In the material below, identify each line bearing the word "Lemma". Reproduce those lines.

——————

Let drg_counts x y :
  [/\ #|[set z | e y z & (dist x z).+1 == dist x y]| = c (dist x y),
      #|[set z | e y z & dist x z == dist x y]| = a (dist x y) &
      #|[set z | e y z & dist x z == (dist x y).+1]| = b (dist x y)].
Proof. by case: drg => _ _ _; apply. Qed.

Lemma drg_edge_levels j : (j < D)%N ->
  exists x v v', [/\ e v v', dist x v = j & dist x v' = j.+1].
Proof.
case: drg => _ conn diam _ lt_jD.
have [x0 _ | T0] := pickP (@predT T); last first.
  by move: diam D_gt0; rewrite /diameter big_pred0 // => <-.
have T_gt0 : (0 < #|T|)%N by apply/card_gt0P; exists x0.
have [x dx] := bigop.eq_bigmax (fun x => \max_y dist x y) T_gt0.
have [w dw] := bigop.eq_bigmax (fun y => dist x y) T_gt0.
exists x; apply: (edge_levels (conn x w)).
by move: diam; rewrite /diameter dx dw => ->.
Qed.

Lemma drg_dist_attained j : (j <= D)%N -> exists x y, dist x y = j.
Proof.
rewrite leq_eqVlt => /orP[/eqP -> | /drg_edge_levels [x [v [_ [_ xv _]]]]].
  have [x [_ [v' [_ _ xv']]]] := drg_edge_levels (j := D.-1) ltac:(lia).
  by exists x, v'; rewrite xv' prednK.
by exists x, v.
Qed.

Lemma drg_valency j : (j <= D)%N -> (a j + b j + c j = b 0)%N.
Proof.
case/drg_dist_attained => x [y <-].
have <- : #|[set z | e y z]| = b 0%N.
  have [_ _] := drg_counts y y; rewrite dist_xx => <-; apply: eq_card => z.
  by rewrite !inE; case yz: (e y z); rewrite //= dist_edge.
have [<- <- <-] := drg_counts x y; rewrite (card_neighbours_levels e_sym x); lia.
Qed.

Lemma drg_c0 : c 0%N = 0%N.
Proof.
have [x [y xy]] := drg_dist_attained (leq0n D).
rewrite -[in LHS]xy; have [<- _ _] := drg_counts x y.
by rewrite xy; apply/eqP; rewrite cards_eq0; apply/eqP/setP => z; rewrite !inE andbF.
Qed.

Lemma drg_a0 : a 0%N = 0%N.
Proof.
have [x [y xy]] := drg_dist_attained (leq0n D).
rewrite -[in LHS]xy; have [_ <- _] := drg_counts x y.
rewrite xy; apply/eqP; rewrite cards_eq0; apply/eqP/setP => z; rewrite !inE.
apply/negbTE/andP => -[yz /eqP/dist_eq0 zx].
by move: yz; rewrite zx (dist_eq0 xy) e_irr.
Qed.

——————

■ ANSWER BOX:
Lemma drg_edge_levels j : (j < D)%N ->
Lemma drg_dist_attained j : (j <= D)%N -> exists x y, dist x y = j.
Lemma drg_valency j : (j <= D)%N -> (a j + b j + c j = b 0)%N.
Lemma drg_c0 : c 0%N = 0%N.
Lemma drg_a0 : a 0%N = 0%N.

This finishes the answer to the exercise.